EXERCISE: Use the entries below and reproduce exactly the lines from the one containing "generalized_orthomodular_poset le c" down to the one containing "assert (Hac : antitone", both of them included.

[Saved entries]
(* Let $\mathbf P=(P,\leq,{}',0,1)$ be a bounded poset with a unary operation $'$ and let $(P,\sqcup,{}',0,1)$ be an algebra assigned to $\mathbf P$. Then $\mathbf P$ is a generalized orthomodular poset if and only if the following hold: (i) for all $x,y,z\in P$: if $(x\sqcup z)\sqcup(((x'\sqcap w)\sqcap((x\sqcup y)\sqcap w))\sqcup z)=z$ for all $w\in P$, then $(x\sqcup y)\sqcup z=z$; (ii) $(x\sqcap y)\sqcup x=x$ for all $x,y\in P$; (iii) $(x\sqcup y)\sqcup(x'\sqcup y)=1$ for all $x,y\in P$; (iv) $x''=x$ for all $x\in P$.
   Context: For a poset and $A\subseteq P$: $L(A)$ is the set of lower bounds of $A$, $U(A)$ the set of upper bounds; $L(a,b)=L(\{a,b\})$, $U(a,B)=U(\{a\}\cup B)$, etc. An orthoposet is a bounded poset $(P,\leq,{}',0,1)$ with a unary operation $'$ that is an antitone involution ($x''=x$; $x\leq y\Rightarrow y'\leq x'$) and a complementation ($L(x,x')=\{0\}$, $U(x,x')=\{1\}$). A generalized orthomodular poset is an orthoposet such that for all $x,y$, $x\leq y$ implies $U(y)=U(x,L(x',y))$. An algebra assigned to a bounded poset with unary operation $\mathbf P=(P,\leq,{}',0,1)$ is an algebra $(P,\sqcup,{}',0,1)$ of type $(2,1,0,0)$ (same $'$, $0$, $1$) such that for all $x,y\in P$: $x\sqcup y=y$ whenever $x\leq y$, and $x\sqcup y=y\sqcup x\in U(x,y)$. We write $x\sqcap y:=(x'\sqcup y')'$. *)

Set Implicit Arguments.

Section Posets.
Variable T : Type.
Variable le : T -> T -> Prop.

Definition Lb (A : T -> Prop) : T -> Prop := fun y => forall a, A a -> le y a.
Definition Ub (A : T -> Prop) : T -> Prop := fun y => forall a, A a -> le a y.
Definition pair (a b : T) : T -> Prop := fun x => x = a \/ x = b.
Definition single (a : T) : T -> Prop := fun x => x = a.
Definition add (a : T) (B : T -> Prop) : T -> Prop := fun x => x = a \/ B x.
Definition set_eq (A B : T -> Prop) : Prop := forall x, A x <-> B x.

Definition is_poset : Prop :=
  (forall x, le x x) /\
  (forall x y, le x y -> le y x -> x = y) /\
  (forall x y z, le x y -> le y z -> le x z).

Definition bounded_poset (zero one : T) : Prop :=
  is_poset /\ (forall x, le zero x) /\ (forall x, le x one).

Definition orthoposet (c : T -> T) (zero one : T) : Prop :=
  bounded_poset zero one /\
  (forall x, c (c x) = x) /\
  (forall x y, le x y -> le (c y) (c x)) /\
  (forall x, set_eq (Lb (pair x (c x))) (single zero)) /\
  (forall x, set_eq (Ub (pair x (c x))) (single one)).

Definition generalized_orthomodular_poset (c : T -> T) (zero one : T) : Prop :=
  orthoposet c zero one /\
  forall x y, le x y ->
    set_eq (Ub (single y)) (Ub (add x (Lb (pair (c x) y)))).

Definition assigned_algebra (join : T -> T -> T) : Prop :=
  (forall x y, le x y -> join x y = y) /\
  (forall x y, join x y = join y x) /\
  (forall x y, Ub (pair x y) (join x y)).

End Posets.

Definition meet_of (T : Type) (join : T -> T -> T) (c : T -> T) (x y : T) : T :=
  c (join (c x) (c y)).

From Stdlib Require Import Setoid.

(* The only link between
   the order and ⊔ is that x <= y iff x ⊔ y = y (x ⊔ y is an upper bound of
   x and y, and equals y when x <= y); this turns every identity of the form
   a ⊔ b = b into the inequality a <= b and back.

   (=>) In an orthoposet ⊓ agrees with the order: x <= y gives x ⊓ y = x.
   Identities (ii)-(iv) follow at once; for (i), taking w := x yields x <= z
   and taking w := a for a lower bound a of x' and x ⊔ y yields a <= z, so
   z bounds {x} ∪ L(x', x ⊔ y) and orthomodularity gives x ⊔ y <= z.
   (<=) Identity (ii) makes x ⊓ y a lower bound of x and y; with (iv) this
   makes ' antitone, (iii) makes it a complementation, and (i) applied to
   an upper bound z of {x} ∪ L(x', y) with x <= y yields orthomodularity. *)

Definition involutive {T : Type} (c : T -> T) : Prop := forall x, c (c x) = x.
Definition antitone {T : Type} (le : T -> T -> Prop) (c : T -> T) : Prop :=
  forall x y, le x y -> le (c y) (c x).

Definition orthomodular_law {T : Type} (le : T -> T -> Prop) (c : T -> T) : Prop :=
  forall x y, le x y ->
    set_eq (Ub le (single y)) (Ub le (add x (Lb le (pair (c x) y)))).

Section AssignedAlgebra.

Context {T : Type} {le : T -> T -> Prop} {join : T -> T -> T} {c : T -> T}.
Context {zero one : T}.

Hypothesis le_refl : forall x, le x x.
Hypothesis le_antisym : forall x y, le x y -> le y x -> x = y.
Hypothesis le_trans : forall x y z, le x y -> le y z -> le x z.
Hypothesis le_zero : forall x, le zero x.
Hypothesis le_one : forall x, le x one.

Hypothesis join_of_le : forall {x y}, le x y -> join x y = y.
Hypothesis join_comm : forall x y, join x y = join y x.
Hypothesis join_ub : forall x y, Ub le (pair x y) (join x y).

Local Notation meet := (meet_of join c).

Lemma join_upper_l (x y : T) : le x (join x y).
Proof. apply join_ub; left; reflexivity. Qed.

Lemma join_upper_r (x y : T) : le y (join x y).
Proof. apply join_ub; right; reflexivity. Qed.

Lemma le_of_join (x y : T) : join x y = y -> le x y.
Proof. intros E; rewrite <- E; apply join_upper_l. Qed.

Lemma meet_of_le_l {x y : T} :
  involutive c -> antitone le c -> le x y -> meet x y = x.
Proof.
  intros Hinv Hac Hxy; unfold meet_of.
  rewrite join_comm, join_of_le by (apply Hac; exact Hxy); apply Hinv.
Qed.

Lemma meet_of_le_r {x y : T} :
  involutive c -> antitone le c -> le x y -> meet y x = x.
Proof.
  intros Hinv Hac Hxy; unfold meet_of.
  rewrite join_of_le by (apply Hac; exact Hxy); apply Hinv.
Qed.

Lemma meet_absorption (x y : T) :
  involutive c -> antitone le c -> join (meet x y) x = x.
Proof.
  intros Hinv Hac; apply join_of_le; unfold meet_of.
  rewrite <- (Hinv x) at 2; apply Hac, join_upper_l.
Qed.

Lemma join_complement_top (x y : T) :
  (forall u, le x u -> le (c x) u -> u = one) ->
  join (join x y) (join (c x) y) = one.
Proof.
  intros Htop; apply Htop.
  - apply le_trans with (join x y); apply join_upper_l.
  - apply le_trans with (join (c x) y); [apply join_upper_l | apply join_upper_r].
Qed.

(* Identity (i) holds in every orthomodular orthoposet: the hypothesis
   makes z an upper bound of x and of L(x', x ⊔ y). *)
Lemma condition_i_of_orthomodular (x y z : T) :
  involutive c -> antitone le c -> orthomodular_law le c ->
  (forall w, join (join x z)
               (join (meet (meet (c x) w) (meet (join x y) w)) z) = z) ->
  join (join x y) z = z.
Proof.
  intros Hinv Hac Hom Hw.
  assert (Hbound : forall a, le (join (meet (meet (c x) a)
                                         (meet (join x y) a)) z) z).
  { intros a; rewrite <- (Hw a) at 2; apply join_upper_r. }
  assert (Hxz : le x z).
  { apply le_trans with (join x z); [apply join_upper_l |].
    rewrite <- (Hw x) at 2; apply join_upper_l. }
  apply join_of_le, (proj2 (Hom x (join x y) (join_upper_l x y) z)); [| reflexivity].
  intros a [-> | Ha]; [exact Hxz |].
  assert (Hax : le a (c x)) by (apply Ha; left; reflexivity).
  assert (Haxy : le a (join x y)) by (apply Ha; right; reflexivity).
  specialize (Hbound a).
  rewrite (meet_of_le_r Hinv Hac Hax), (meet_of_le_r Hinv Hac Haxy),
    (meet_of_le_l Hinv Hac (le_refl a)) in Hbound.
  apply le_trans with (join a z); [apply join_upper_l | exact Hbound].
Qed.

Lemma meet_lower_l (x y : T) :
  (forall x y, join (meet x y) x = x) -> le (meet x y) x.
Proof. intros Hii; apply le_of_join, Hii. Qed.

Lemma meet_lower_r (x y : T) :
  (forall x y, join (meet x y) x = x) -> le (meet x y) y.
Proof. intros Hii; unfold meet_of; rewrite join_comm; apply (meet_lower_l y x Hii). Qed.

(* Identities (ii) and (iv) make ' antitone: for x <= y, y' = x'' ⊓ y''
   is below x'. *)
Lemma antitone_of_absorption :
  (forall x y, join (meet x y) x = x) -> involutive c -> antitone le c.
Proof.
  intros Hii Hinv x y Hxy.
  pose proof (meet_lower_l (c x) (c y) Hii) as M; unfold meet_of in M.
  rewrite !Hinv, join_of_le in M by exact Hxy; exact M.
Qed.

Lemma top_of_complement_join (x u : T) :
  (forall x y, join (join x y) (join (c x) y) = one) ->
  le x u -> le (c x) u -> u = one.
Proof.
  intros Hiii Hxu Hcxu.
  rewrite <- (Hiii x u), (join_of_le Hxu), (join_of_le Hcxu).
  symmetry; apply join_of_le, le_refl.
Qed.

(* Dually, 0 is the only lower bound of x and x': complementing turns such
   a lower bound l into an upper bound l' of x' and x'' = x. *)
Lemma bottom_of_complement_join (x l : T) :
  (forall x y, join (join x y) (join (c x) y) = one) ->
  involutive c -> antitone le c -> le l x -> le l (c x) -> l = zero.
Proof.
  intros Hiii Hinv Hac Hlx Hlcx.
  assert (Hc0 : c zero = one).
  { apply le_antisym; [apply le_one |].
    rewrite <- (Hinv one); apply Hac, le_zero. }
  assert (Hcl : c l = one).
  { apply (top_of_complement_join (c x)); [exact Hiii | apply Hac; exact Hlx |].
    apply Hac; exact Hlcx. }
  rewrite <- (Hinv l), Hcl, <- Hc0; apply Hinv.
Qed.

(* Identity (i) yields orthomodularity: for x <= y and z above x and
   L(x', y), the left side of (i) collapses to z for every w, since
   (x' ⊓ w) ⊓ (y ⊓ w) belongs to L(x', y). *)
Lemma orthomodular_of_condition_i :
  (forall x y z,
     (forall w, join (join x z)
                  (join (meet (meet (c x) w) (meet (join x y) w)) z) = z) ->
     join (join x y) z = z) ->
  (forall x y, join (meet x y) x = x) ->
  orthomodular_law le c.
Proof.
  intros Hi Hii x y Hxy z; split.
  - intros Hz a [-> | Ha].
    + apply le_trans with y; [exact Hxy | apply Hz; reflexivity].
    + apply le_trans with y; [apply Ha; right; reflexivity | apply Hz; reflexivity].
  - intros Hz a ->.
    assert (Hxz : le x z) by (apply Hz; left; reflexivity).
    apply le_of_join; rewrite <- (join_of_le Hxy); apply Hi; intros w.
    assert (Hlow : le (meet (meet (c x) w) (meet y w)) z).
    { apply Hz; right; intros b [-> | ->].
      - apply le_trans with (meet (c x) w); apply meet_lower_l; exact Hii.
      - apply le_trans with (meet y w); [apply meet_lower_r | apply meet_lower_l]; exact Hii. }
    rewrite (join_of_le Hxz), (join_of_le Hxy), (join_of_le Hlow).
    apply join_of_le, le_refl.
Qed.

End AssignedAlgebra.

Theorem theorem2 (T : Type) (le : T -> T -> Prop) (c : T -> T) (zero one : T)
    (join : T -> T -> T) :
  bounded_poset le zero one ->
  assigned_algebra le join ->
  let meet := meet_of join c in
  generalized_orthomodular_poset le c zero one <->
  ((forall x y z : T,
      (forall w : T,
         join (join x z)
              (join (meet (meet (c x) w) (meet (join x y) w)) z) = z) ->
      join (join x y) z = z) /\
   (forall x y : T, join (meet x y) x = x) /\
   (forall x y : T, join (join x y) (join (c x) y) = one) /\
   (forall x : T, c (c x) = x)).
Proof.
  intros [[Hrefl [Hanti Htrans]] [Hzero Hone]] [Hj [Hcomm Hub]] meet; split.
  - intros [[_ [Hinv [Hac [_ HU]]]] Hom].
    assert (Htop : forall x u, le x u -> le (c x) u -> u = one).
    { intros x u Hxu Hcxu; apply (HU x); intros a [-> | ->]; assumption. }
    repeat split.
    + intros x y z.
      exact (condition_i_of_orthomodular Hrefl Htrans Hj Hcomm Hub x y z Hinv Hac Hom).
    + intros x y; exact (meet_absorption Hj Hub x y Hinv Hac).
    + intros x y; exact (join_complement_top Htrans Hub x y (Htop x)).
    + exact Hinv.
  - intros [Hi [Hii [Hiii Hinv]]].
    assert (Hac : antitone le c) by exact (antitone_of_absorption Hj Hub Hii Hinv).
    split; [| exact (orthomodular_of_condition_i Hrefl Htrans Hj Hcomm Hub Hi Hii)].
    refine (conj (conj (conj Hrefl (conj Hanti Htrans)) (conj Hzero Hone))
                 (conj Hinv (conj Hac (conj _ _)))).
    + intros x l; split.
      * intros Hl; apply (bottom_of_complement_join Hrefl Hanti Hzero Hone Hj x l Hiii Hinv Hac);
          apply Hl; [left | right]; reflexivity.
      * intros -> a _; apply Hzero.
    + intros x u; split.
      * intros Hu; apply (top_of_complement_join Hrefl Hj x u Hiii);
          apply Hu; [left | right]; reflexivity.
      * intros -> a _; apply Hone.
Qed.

WRITTEN RESPONSE:
  generalized_orthomodular_poset le c zero one <->
  ((forall x y z : T,
      (forall w : T,
         join (join x z)
              (join (meet (meet (c x) w) (meet (join x y) w)) z) = z) ->
      join (join x y) z = z) /\
   (forall x y : T, join (meet x y) x = x) /\
   (forall x y : T, join (join x y) (join (c x) y) = one) /\
   (forall x : T, c (c x) = x)).
Proof.
  intros [[Hrefl [Hanti Htrans]] [Hzero Hone]] [Hj [Hcomm Hub]] meet; split.
  - intros [[_ [Hinv [Hac [_ HU]]]] Hom].
    assert (Htop : forall x u, le x u -> le (c x) u -> u = one).
    { intros x u Hxu Hcxu; apply (HU x); intros a [-> | ->]; assumption. }
    repeat split.
    + intros x y z.
      exact (condition_i_of_orthomodular Hrefl Htrans Hj Hcomm Hub x y z Hinv Hac Hom).
    + intros x y; exact (meet_absorption Hj Hub x y Hinv Hac).
    + intros x y; exact (join_complement_top Htrans Hub x y (Htop x)).
    + exact Hinv.
  - intros [Hi [Hii [Hiii Hinv]]].
    assert (Hac : antitone le c) by exact (antitone_of_absorption Hj Hub Hii Hinv).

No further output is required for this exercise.